Pro-Life Rhetoric Rooted in Reason
Published: Tuesday, January 28, 2014
Updated: Tuesday, January 28, 2014 02:01
Last week, Kelly Thomas (SFS ’15) and I had the privilege of co-directing Georgetown’s 15th annual Cardinal O’Connor Conference on Life, the largest student-run pro-life conference in the nation. The theme of this year’s conference, “Morality and the Law,” addressed the popular categorization of the pro-life position as a privately held belief that cannot be imposed on others as a universally compelling law. An examination of the issues reveals that the pro-life position is rooted in reasoned argument, accessible to every human mind and, by extension, the public realm.

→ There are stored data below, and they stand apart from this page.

Lemma bloch_unit psi : expect psi 1 = 1 -> dot3 (bloch psi) (bloch psi) = 1.
Proof.
elim/col2_ind: psi => p1 p2 q1 q2 /(congr1 (@complex.Re R)).
rewrite /bloch /expect /dagger /dot3 /sigx /sigy /sigz.
rewrite ?(mxE, big_ord_recr, big_ord0) /= => norm1.
have {}norm1 : p1 ^+ 2 + p2 ^+ 2 + q1 ^+ 2 + q2 ^+ 2 = 1 by rewrite -[RHS]norm1; ring.
by transitivity ((p1 ^+ 2 + p2 ^+ 2 + q1 ^+ 2 + q2 ^+ 2) ^+ 2); [ring | rewrite norm1 expr1n].
Qed.

Lemma fisher_spin psi u v : expect psi 1 = 1 ->
  2 * expect psi (spin u *m spin v + spin v *m spin u)
  - 4 * expect psi (spin u) * expect psi (spin v) =
  (dot3 u v - dot3 u (bloch psi) * dot3 v (bloch psi))%:C.
Proof.
move=> pure; rewrite expectD !expect_spin_mul !expect_spin pure.
rewrite (dot3C v u) (dot3_cross3C v u).
by complex_ext; field.
Qed.

Lemma uhlmann_spin psi u v : expect psi 1 = 1 ->
  - 2 * 'i * expect psi (spin u *m spin v - spin v *m spin u) =
  (dot3 (cross3 u v) (bloch psi))%:C.
Proof.
move=> pure; rewrite expectD expectN !expect_spin_mul pure.
rewrite (dot3C v u) (dot3_cross3C v u).
by complex_ext; field.
Qed.

End Expectation.

Section FisherAndUhlmann.
Variables (R : realType) (t B th : R) (psi : 'cV[R[i]]_2).
Local Notation s := (sin (B * t / 2)).
Local Notation r := (bloch psi).

Definition gen_vec (l : 'I_2) : 'rV[R]_3 :=
  if (l : nat) == 0%N then - t *: n_theta th else (2 * s) *: n_1 t B th.

Lemma gen_spin l : gen t B th l = spin (gen_vec l).
Proof. by case: (ord2_cases l) => ->; [exact: gen_B_spin | exact: gen_theta_spin]. Qed.

Lemma QFIM_sym : (QFIM t B th psi)^T = QFIM t B th psi.
Proof.
apply/matrixP => l l'; rewrite !mxE.
by rewrite (addrC (gen t B th l' *m gen t B th l)) (mulrAC 4).
Qed.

This “personally pro-life, publicly pro-choice” position asserts that morality is intrinsically private — that is, inaccessible to public reason — and thus not compelling in law, which is rooted in reason rather than belief. However, this idea fundamentally misunderstands morality and the act of abortion itself. The pro-life position makes the claim that abortion is morally repugnant. This moral claim is rooted not in private belief, but rather in a publicly accessible human attribute: reason.
Objectively speaking, abortion directly ends human life — life with unique DNA, life that from the moment of conception is already a “he” or a “she.” The pro-life position requires no religious conviction to recognize this scientific truth; the most secular of embryology textbooks will attest to the identity of the embryo as human. It is the pro-choice position that begins to question the philosophical status of the embryo, asking whether it qualifies for personhood or has a soul or can be described as fully human. The pro-choice position therefore requires a value judgment; the pro-life position requires no such judgment.

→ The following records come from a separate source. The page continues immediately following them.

(* If $t\in[1,2]$, then $w(t,a)=w_1(t,a)$ and $w(t,a)/W(t,a)\le 2/3$ for all $a\in[(3t+2)/4,2]$.
   Context: For $(t,a)\in\mathbb R^2$ define $w_1(t,a)=(2t+3)a-(3t^2/4+t)$, $w_2(t,a)=(4t+4)a-(3t^2/2+2t+2)$, $w_3(t,a)=8ta-(3t^2+4t-4)$, $W(t,a)=[(t+2)a-(t^2/2+t)](t+2)$, and $w(t,a)=\min\{w_1(t,a),w_2(t,a),w_3(t,a)\}$. *)

From Stdlib Require Import Reals.
Open Scope R_scope.

Definition w1 (t a : R) : R := (2*t+3)*a - (3*t^2/4 + t).
Definition w2 (t a : R) : R := (4*t+4)*a - (3*t^2/2 + 2*t + 2).
Definition w3 (t a : R) : R := 8*t*a - (3*t^2 + 4*t - 4).
Definition WW (t a : R) : R := ((t+2)*a - (t^2/2 + t)) * (t+2).
Definition w (t a : R) : R := Rmin (w1 t a) (Rmin (w2 t a) (w3 t a)).

(* Each of w2 - w1, w3 - w1, the inner factor of W, and 2 W - 3 w1 is affine in a
   with a nonnegative slope when t >= 1, and is nonnegative at the left endpoint
   a = (3t+2)/4; writing each as slope * (a - (3t+2)/4) + (value at the endpoint)
   makes all the inequalities immediate. *)
From Stdlib Require Import Reals Lra Psatz.
Open Scope R_scope.

Section LeftOfEndpoint.

Variables t a : R.

Lemma w2_sub_w1 :
  w2 t a - w1 t a = (2*t+1) * (a - (3*t+2)/4) + 3*(t-1)*(t+2)/4.
Proof. unfold w1, w2; field. Qed.

Lemma w3_sub_w1 :
  w3 t a - w1 t a = (6*t-3) * (a - (3*t+2)/4) + (9*t^2 - 9*t + 10)/4.
Proof. unfold w1, w3; field. Qed.

Lemma WW_factor :
  WW t a = (t+2) * ((t+2) * (a - (3*t+2)/4) + (t+2)^2/4).
Proof. unfold WW; field. Qed.

Lemma WW_double_sub_w1_triple :
  2 * WW t a - 3 * w1 t a
  = (2*t^2 + 2*t - 1) * (a - (3*t+2)/4) + (t-1)*(2*t+1)*(t+2)/4.
Proof. unfold w1, WW; field. Qed.

Hypothesis ht : 1 <= t.
Hypothesis ha : (3*t+2)/4 <= a.

Lemma w1_le_w2 : w1 t a <= w2 t a.
Proof.
  assert (H := w2_sub_w1).
  assert (0 <= (2*t+1) * (a - (3*t+2)/4)) by (apply Rmult_le_pos; lra).
  assert (0 <= 3*(t-1)*(t+2)/4) by nra.
  lra.
Qed.

Lemma w1_le_w3 : w1 t a <= w3 t a.
Proof.
  assert (H := w3_sub_w1).
  assert (0 <= (6*t-3) * (a - (3*t+2)/4)) by (apply Rmult_le_pos; lra).
  assert (0 < (9*t^2 - 9*t + 10)/4) by nra.
  lra.
Qed.

Lemma w_eq_w1 : w t a = w1 t a.
Proof.
  unfold w; apply Rmin_left, Rmin_glb; [apply w1_le_w2 | apply w1_le_w3].
Qed.

Lemma WW_pos : 0 < WW t a.
Proof.
  rewrite WW_factor.
  apply Rmult_lt_0_compat; [lra |].
  assert (0 <= (t+2) * (a - (3*t+2)/4)) by (apply Rmult_le_pos; lra).
  assert (0 < (t+2)^2/4) by nra.
  lra.
Qed.

Lemma w1_le_two_thirds_WW : 3 * w1 t a <= 2 * WW t a.
Proof.
  assert (H := WW_double_sub_w1_triple).
  assert (0 <= (2*t^2 + 2*t - 1) * (a - (3*t+2)/4)) by (apply Rmult_le_pos; nra).
  assert (0 <= (t-1)*(2*t+1)*(t+2)/4).
  { assert (0 <= (t-1)*(2*t+1)) by (apply Rmult_le_pos; lra). nra. }
  lra.
Qed.

End LeftOfEndpoint.

Theorem lemmaA6 (t : R) (ht : 1 <= t <= 2) :
  forall a : R, (3*t+2)/4 <= a <= 2 ->
    w t a = w1 t a /\ w t a / WW t a <= 2/3.
Proof.
  intros a [Ha _].
  destruct ht as [ht1 _].
  assert (Hw := w_eq_w1 t a ht1 Ha).
  assert (HW := WW_pos t a ht1 Ha).
  assert (Hle := w1_le_two_thirds_WW t a ht1 Ha).
  split; [exact Hw |].
  rewrite Hw.
  apply Rmult_le_reg_r with (WW t a); [exact HW |].
  unfold Rdiv at 1; rewrite Rmult_assoc, Rinv_l by lra.
  lra.
Qed.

It is precisely the rationality of the pro-life argument that makes it legally compelling to all people. Pro-choice proponents are correct in asserting the religious neutrality of law; law springs from reason and remains silent in specific religious prescriptions. However, this quality of law does not dictate that law be morally neutral; indeed, most law involves a moral judgment on a single matter. The law bans theft and murder not because they violate a divine commandment but because they violate a moral code that is rooted in reason. One can understand abortion as an evil without having religious convictions, just as the law can make a statement about the evil of murder.

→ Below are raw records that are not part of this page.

(* Reduced operator on (A'_j, B): trace out A'_{jbar}.  j = 0 means
   input 1 (trace out A'_2), j = 1 means input 2 (trace out A'_1). *)
Definition reduce (d : nat) (j : 'I_2) (X : Op ('I_d * 'I_d * 'I_d)%type) :
  Op ('I_d * 'I_d)%type :=
  fun x y =>
    if j == ord0 then \sum_c X (x.1, c, x.2) (y.1, c, y.2)
    else \sum_c X (c, x.1, x.2) (c, y.1, y.2).

(* F_j of the paper (j = 0 is F_1, j = 1 is F_2) *)
Definition Fsucc (d K : nat) (M : 'I_K -> Op ('I_d * 'I_d * 'I_d)%type)
  (U : 'I_K -> 'I_2 -> Op 'I_d) (rho : Op ('I_d * 'I_d)%type) (j : 'I_2) : C :=
  \sum_i optr (opmul (psiplus (d := d))
      (opmul (opmul (kron (opid (T := 'I_d)) (U i j)) (reduce j (postM M rho i)))
             (opadj (kron (opid (T := 'I_d)) (U i j))))).

End QDefs.

(* Decomposing rho and every POVM element into rank-one terms writes each F_j as
   a sum, over pure post-measurement vectors h on A'_1 A'_2 B whose squared norms
   add up to 1, of the fidelity of (1 (x) U) tr |h><h| (1 (x) U)^* with psi+.
   For one such h both fidelities are of the form <g, g> and <k, k>, where g and k
   are the orthogonal projections of h on two lines; unitarity and Cauchy-Schwarz
   bound their overlap by |<g, k>|^2 <= <g, g> <k, k> / d^2.  Hence
   p <g, g> + (1 - p) <k, k> <= lam |h|^2, with lam the largest eigenvalue of
   p |u><u| + (1 - p) |v><v| for unit vectors with |<u, v>|^2 = 1 / d^2, which is
   the right-hand side of the theorem. *)

From HB Require Import structures.
From mathcomp Require Import all_boot all_order all_algebra.
From mathcomp Require Import complex.
From mathcomp Require Import reals.
From mathcomp Require Import ring lra.
Import Order.TTheory GRing.Theory Num.Theory.
Local Open Scope complex_scope.
Local Open Scope ring_scope.
Set Implicit Arguments. Unset Strict Implicit. Unset Printing Implicit Defensive.
(* If [L = 0], the hypotheses force [D = alpha = 0] (recall [x / 0 = 0]),
   hence [y = 0]. *)
Lemma ball_shifted_preimage n p (M : 'M[R]_(n, p)) (y : 'cV[R]_n) (z : 'cV[R]_p)
    (L D E alpha : R) :
  row_free M -> L <= lnorm nrm M -> 0 <= D <= L -> 0 <= E ->
  0 <= alpha <= (L - D) / (L + E) -> nrm p z <= 1 -> nrm n y <= D + alpha * E ->
  exists2 x, nrm p x <= 1 & M *m x = alpha *: (M *m z) + y.
Proof.
move=> Mfree LM /andP[D0 DL] E0 /andP[alpha0 alphaL] z1 yDE.
have [L0|L0] := eqVneq L 0.
  have D00 : D = 0 by apply/le_anti; rewrite D0 -L0 DL.
  have alpha00 : alpha = 0.
    by apply/le_anti; rewrite alpha0 andbT; move: alphaL; rewrite L0 D00 subrr mul0r.
  have -> : y = 0.
    apply: (mxnorm_eq0 (normK n)); apply/le_anti; rewrite mxnorm_ge0 // andbT.
    by move: yDE; rewrite D00 alpha00 mul0r addr0.
  exists 0; first by rewrite mxnorm0.
  by rewrite alpha00 scale0r mulmx0 addr0.
have {L0}Lpos : 0 < L by rewrite lt_def L0 (le_trans D0 DL).
have [B MB] := row_freeP Mfree.
have ycol : exists x, y = M *m x by exists (B *m y); rewrite mulmxA MB mul1mx.
have [x0 [Mx0 x0y]] := lnorm_preimage Lpos LM ycol.
exists (alpha *: z + x0); last by rewrite mulmxDr -scalemxAr Mx0.
have aLE : alpha * (L + E) <= L - D by rewrite -ler_pdivlMr ?ltr_wpDr.
have x0a : nrm p x0 <= 1 - alpha.
  by rewrite -(ler_pM2l Lpos); lra.
apply: le_trans (ler_mxnormD (normK p) _ _) _; rewrite mxnormZ // ger0_norm //.
have : alpha * nrm p z <= alpha by rewrite -[leRHS]mulr1 ler_wpM2l.
lra.
Qed.

Lemma perturbed_solution_in_ball n m p (Q Qt : 'M[R]_(n, m)) (c : 'cV[R]_m)
    (G : 'M[R]_(m, p)) (z : 'cV[R]_p) (L D E alpha : R) :
  row_free (Q *m G) -> L <= lnorm nrm (Q *m G) -> D <= L ->
  nrm n ((Qt - Q) *m c) <= D -> opnorm nrm ((Qt - Q) *m G) <= E ->
  0 <= alpha <= (L - D) / (L + E) -> nrm p z <= 1 ->
  exists2 x, nrm p x <= 1 & Q *m (c + G *m x) = Qt *m (c + alpha *: (G *m z)).
Proof.
move=> QGfree LQG DL cD GE alphaP z1.
have D0 : 0 <= D := le_trans (mxnorm_ge0 (normK n) _) cD.
have E0 : 0 <= E := le_trans (opnorm_ge0 _) GE.
have alpha0 : 0 <= alpha by case/andP: alphaP.
have Qdu : nrm n ((Qt - Q) *m (c + alpha *: (G *m z))) <= D + alpha * E.
  rewrite mulmxDr -scalemxAr mulmxA; apply: le_trans (ler_mxnormD (normK n) _ _) _.
  rewrite mxnormZ // ger0_norm // lerD // ler_wpM2l //.
  exact: le_trans (opnorm_ub _ z1) GE.
have DP : 0 <= D <= L by rewrite D0 DL.
have [x x1 QGx] := ball_shifted_preimage QGfree LQG DP E0 alphaP z1 Qdu.
exists x => //; rewrite mulmxDr mulmxA QGx mulmxBl [Q *m (c + _)]mulmxDr.
by rewrite -scalemxAr mulmxA addrA addrC subrK.
Qed.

The pro-choice argument disregards this link between rational morality and law by retreating into euphemisms and refusing to examine the actual act of abortion. “Pro-choice” proponents argue precisely what they have criticized the pro-life movement for; they make the “right to abortion” sacred ground, refuse to reason about it and treat it with quasi-religious respect.
No longer do pro-choice advocates engage in debate about abortion itself, for this debate is too easily lost through reason. Instead, they make recourse to feminist rhetoric, claims about women’s right to privacy and women’s reproductive health. These terms are simply euphemisms that obfuscate the issue of abortion. There is a refusal both to acknowledge that “choice” does, in fact, denote “abortion” and to examine what it might mean to place all stock of women’s dignity and healthcare in her ability to kill whatever life is in her.
These arguments effectively construct a wall of separation between abortion and reasoned argument. It is as if the choice to abort is so sacred for women’s empowerment — indeed, the sine qua non of what it means to be a woman — that speaking about it is as unseemly as speaking about religion with coworkers.
And so, the pro-choice position dissolves into incomprehensibility. It is the ultimate “private” position, one that refuses to look truthfully at the act that it defends, one that leads otherwise rational politicians to vote for the deaths of defenseless humans.
It is time for us to re-examine the act of abortion itself without confusing the argument with euphemisms. To use a Georgetown phrase, let’s engage in discussion. After all, this is a university; nowhere else will we have such an opportunity for the free exchange of ideas. We should use this time to look at the actual issues at hand, to look closely at abortion and to shy away from the euphemistic rhetoric of choice. Ultimately, a return to reasoned debate will reveal the truth of this highly politicized issue — that the act of abortion is a universally compelling moral evil and must be condemned in the public domain.
Evelyn Flashner is a junior in the College. She was a co-director of the 2014 Cardinal O’Connor Conference on Life.